Even the title of his new book, though, demonstrates his habit of giving most prominence to the eyecatching parts of his latest thesis - in this case, damning the cherished notion that gene therapy could offer a cure to mental illnesses. Yet, when you dig down, James's message is more nuanced. He may rule out genes, but he is not dismissing nature altogether.
"I can see very strong evidence from personal experience that physical transmission of traits is possible." He uses the example of playing football in the garden with his son. As a child, James was good at dribbling a ball and now so is Louis, but not because his father has hot-housed him - James has had multiple sclerosis for 27 years, so giving a practical demonstration of dribbling is now beyond him.
But what exactly does he mean, then, by "physical transmission"? "My son may have inherited his dribbling skills through a physical mechanism, because he couldn't have learnt it from me. There's a black box of physical transmission there. That's all I am saying." That "black box", he says, might be to do with chemical patterns passed on from father to son through a process known as epigenetic.
"I am also not ruling out physical causes for psychological traits. There's a whole business about the long-term effects of what happens in pregnancy that will, perhaps, one day turn out to be hugely important. However, with psychosis - whether it be bipolar or schizophrenia - there is just a mass of evidence that something has gone horribly wrong in the family."
He illustrates his point again with a story from his own life. "I grew up with Teddy St Aubyn [the award winning novelist, Edward St Aubyn]. It didn't occur to me, or my parents, that Teddy had been sexually abused by his father. The awful truth about families is that there is a lot that goes on behind closed doors that nobody knows about."
James is not breaking any confidences here. St Aubyn has written of the long-term damage done to him by his childhood, but with other cases discussed at length in the book - notably the deaths, 14 years apart, from heroin overdoses of TV presenter, Paula Yates, and her daughter Peaches Geldof - James gets closer to the line.

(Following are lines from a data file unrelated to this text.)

(* Let $c,d\in\mathbb{R}^n$ be distinct nonzero vectors with $c^Td\le0$. Then $\gamma[c,d]\le\tfrac12$. If in addition $0\notin[c,d]$, then $\gamma[c,d]>0$.
   Context: For distinct vectors $c,d\in\mathbb{R}^n$, $\gamma[c,d]=\frac{\sqrt{\|c\|^2\|d\|^2-(c^Td)^2}}{\|c-d\|^2}$, and $[c,d]$ denotes the closed line segment between $c$ and $d$. *)

From HB Require Import structures.
From mathcomp Require Import all_boot all_order all_algebra.
From mathcomp Require Import reals.
Set Implicit Arguments. Unset Strict Implicit. Unset Printing Implicit Defensive.
Import Order.TTheory GRing.Theory Num.Theory.
Local Open Scope ring_scope.

Definition dotv (R : realType) (n : nat) (c d : 'cV[R]_n) : R :=
  \sum_(i < n) c i 0 * d i 0.

Definition nrm2 (R : realType) (n : nat) (c : 'cV[R]_n) : R := dotv c c.

Definition gammacd (R : realType) (n : nat) (c d : 'cV[R]_n) : R :=
  Num.sqrt (nrm2 c * nrm2 d - (dotv c d) ^+ 2) / nrm2 (c - d).

Definition in_segment (R : realType) (n : nat) (x c d : 'cV[R]_n) : Prop :=
  exists t : R, 0 <= t /\ t <= 1 /\ x = (1 - t) *: c + t *: d.

From HB Require Import structures.
From mathcomp Require Import all_boot all_order all_algebra.
From mathcomp Require Import reals ring lra.
Set Implicit Arguments. Unset Strict Implicit. Unset Printing Implicit Defensive.
Import Order.TTheory GRing.Theory Num.Theory.
Local Open Scope ring_scope.

(* With a = |c|^2, b = |d|^2 and p = c^T d, the Lagrange identity
   |a d - p c|^2 = a (a b - p^2) turns gamma[c,d] into sqrt(a b - p^2) / (a + b - 2 p).
   For p <= 0 the bound 4 (a b - p^2) <= 4 a b <= (a + b)^2 <= (a + b - 2 p)^2 gives
   gamma <= 1/2.  If gamma = 0 then a d = p c, i.e. (-p) c + a d = 0 with -p, a >= 0,
   which exhibits 0 as a point of [c,d]. *)

Section InnerProduct.
Variables (R : realType) (n : nat).
Implicit Types (x y z : 'cV[R]_n) (k : R).

Lemma dotvC x y : dotv x y = dotv y x.
Proof. by apply: eq_bigr => i _; rewrite mulrC. Qed.

Lemma dotvDl x y z : dotv (x + y) z = dotv x z + dotv y z.
Proof. by rewrite /dotv -big_split; apply: eq_bigr => i _; rewrite !mxE mulrDl. Qed.

Lemma dotvZl k x y : dotv (k *: x) y = k * dotv x y.
Proof. by rewrite /dotv mulr_sumr; apply: eq_bigr => i _; rewrite !mxE mulrA. Qed.

Lemma dotvNl x y : dotv (- x) y = - dotv x y.
Proof. by rewrite -scaleN1r dotvZl mulN1r. Qed.

Lemma dotvDr x y z : dotv x (y + z) = dotv x y + dotv x z.
Proof. by rewrite dotvC dotvDl !(dotvC x). Qed.

Lemma dotvZr k x y : dotv x (k *: y) = k * dotv x y.
Proof. by rewrite dotvC dotvZl dotvC. Qed.

Lemma dotvNr x y : dotv x (- y) = - dotv x y.
Proof. by rewrite dotvC dotvNl dotvC. Qed.

Lemma dotv0l y : dotv 0 y = 0.
Proof. by rewrite -(scale0r (0 : 'cV[R]_n)) dotvZl mul0r. Qed.

Definition dotvE := (dotvDl, dotvDr, dotvZl, dotvZr, dotvNl, dotvNr).

Lemma nrm2_ge0 x : 0 <= nrm2 x.
Proof. by apply: sumr_ge0 => i _; rewrite -expr2 sqr_ge0. Qed.

Lemma nrm2_eq0 x : (nrm2 x == 0) = (x == 0).
Proof.
apply/idP/idP => [|/eqP->]; last by rewrite /nrm2 dotv0l.
rewrite psumr_eq0 => [/allP x0|i _]; last by rewrite -expr2 sqr_ge0.
apply/eqP/matrixP => i j; rewrite (ord1 j) mxE.
by have /= := x0 i (mem_index_enum _); rewrite mulf_eq0 orbb => /eqP.
Qed.

Lemma nrm2_gt0 x : x != 0 -> 0 < nrm2 x.
Proof. by rewrite lt0r nrm2_ge0 nrm2_eq0 andbT. Qed.

Lemma nrm2B x y : nrm2 (x - y) = nrm2 x + nrm2 y - 2 * dotv x y.
Proof. by rewrite /nrm2 !dotvE (dotvC y x); ring. Qed.

Lemma nrm2_lagrange x y :
  nrm2 (nrm2 x *: y - dotv x y *: x) = nrm2 x * (nrm2 x * nrm2 y - dotv x y ^+ 2).
Proof. by rewrite {1}/nrm2 !dotvE (dotvC y x) -/(nrm2 x) -/(nrm2 y); ring. Qed.

Lemma cauchy_schwarz x y : dotv x y ^+ 2 <= nrm2 x * nrm2 y.
Proof.
have [->|x0] := eqVneq x 0.
  by rewrite /nrm2 !dotv0l expr0n mul0r.
rewrite -subr_ge0 -(pmulr_rge0 _ (nrm2_gt0 x0)) -nrm2_lagrange; exact: nrm2_ge0.
Qed.

Lemma cauchy_schwarz_eq x y :
  nrm2 x * nrm2 y = dotv x y ^+ 2 -> nrm2 x *: y = dotv x y *: x.
Proof.
move=> eq_xy; apply/eqP; rewrite -subr_eq0 -nrm2_eq0 nrm2_lagrange eq_xy.
by rewrite subrr mulr0.
Qed.

End InnerProduct.

Lemma in_segment0_comb (R : realType) (n : nat) (c d : 'cV[R]_n) (s t : R) :
  0 <= s -> 0 <= t -> 0 < s + t -> s *: c + t *: d = 0 -> in_segment 0 c d.
Proof.
move=> s0 t0 st0 comb0; have st_neq0 : s + t != 0 by rewrite gt_eqF.
exists (t / (s + t)); split; first by rewrite divr_ge0 // ltW.
split; first by rewrite ler_pdivrMr // mul1r lerDr.
have -> : 1 - t / (s + t) = s / (s + t) by apply: (mulIf st_neq0); field.
by rewrite ![_ / (s + t)]mulrC -!scalerA -scalerDr comb0 scaler0.
Qed.

Lemma gram_le_quarter_sqr (R : realFieldType) (a b p : R) :
  0 <= a -> 0 <= b -> p <= 0 -> a * b - p ^+ 2 <= ((a + b - 2 * p) / 2) ^+ 2.
Proof.
move=> a0 b0 p0; have amgm := sqr_ge0 (a - b).
have cross_ge0 : 0 <= - p * (a + b) by nra.
rewrite !expr2 in amgm *; nra.
Qed.

Theorem mainTheorem8 (R : realType) (n : nat) (c d : 'cV[R]_n)
  (hcd : c != d) (hc : c != 0) (hd : d != 0) (hdot : dotv c d <= 0) :
  gammacd c d <= 1 / 2 /\ (~ in_segment 0 c d -> 0 < gammacd c d).
Proof.
have a_gt0 := nrm2_gt0 hc; have b_gt0 := nrm2_gt0 hd.
have gram_ge0 : 0 <= nrm2 c * nrm2 d - dotv c d ^+ 2 by rewrite subr_ge0 cauchy_schwarz.
have den_gt0 : 0 < nrm2 (c - d) by rewrite nrm2_gt0 // subr_eq0.
rewrite /gammacd; split.
  have sqrt_gram_le : Num.sqrt (nrm2 c * nrm2 d - dotv c d ^+ 2) <= nrm2 (c - d) / 2.
    rewrite -[_ / 2]ger0_norm ?divr_ge0 ?(ltW den_gt0) // -sqrtr_sqr ler_sqrt ?sqr_ge0 //.
    by rewrite nrm2B gram_le_quarter_sqr ?(ltW a_gt0) ?(ltW b_gt0).
  by rewrite ler_pdivrMr // mul1r [2^-1 * _]mulrC.
move=> not_seg; rewrite divr_gt0 // sqrtr_gt0 lt0r gram_ge0 andbT subr_eq0.
apply/eqP => /cauchy_schwarz_eq aligned; apply: not_seg.
apply: (@in_segment0_comb _ _ c d (- dotv c d) (nrm2 c)); [lra | lra | lra |].
by rewrite aligned scaleNr addNr.
Qed.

He knew Yates well - they once worked together on a TV series, Sex With Paula - and says that his detailed account of the mother/daughter relationship is based on information "from people who knew [her] well. The main sources are impeccable."
Does he worry that so publicly picking over the details of a young woman's tragic death, less than two years after it happened, might add to the grief of her father, Bob Geldof, or her family? "I've thought about this an awful lot," he replies, suddenly vulnerable. "I'm very aware of what Bob's been through and I hope that, if he does read it, he will feel it makes sense of something that otherwise didn't make sense."
Writing about other people's parenting inevitably shines a spotlight back on his own skills. "Maltreatment can be everyday," he agrees. "I went blundering into [parenting], just like everybody else. But as I have got older, I have become gradually more conscious of how awful it can be for them to be my children."
So what is life with James as a dad really like? He makes light of his grumpy moods and his MS.
When I look closely, I notice his walking gait is a little stiff, but nothing more. I wonder if his illness has had any impact on the quality of his nurturing of his children.
"A minimal effect on my daughter - the only thing is the tiredness. Sometimes I'm perhaps a bit more irritable because I'm tired. It's a sadness, but I would say from their point of view, it is very insignificant. What really matters to a child is whether someone is tuned in to you. It's all about love."
At last, an optimistic note. Even if it is all down to parents, James is acknowledging, we do have the potential to get it right.
Not in Your Genes: The Real Reasons Children Are Like Their Parents by Oliver James (Vermilion, £20).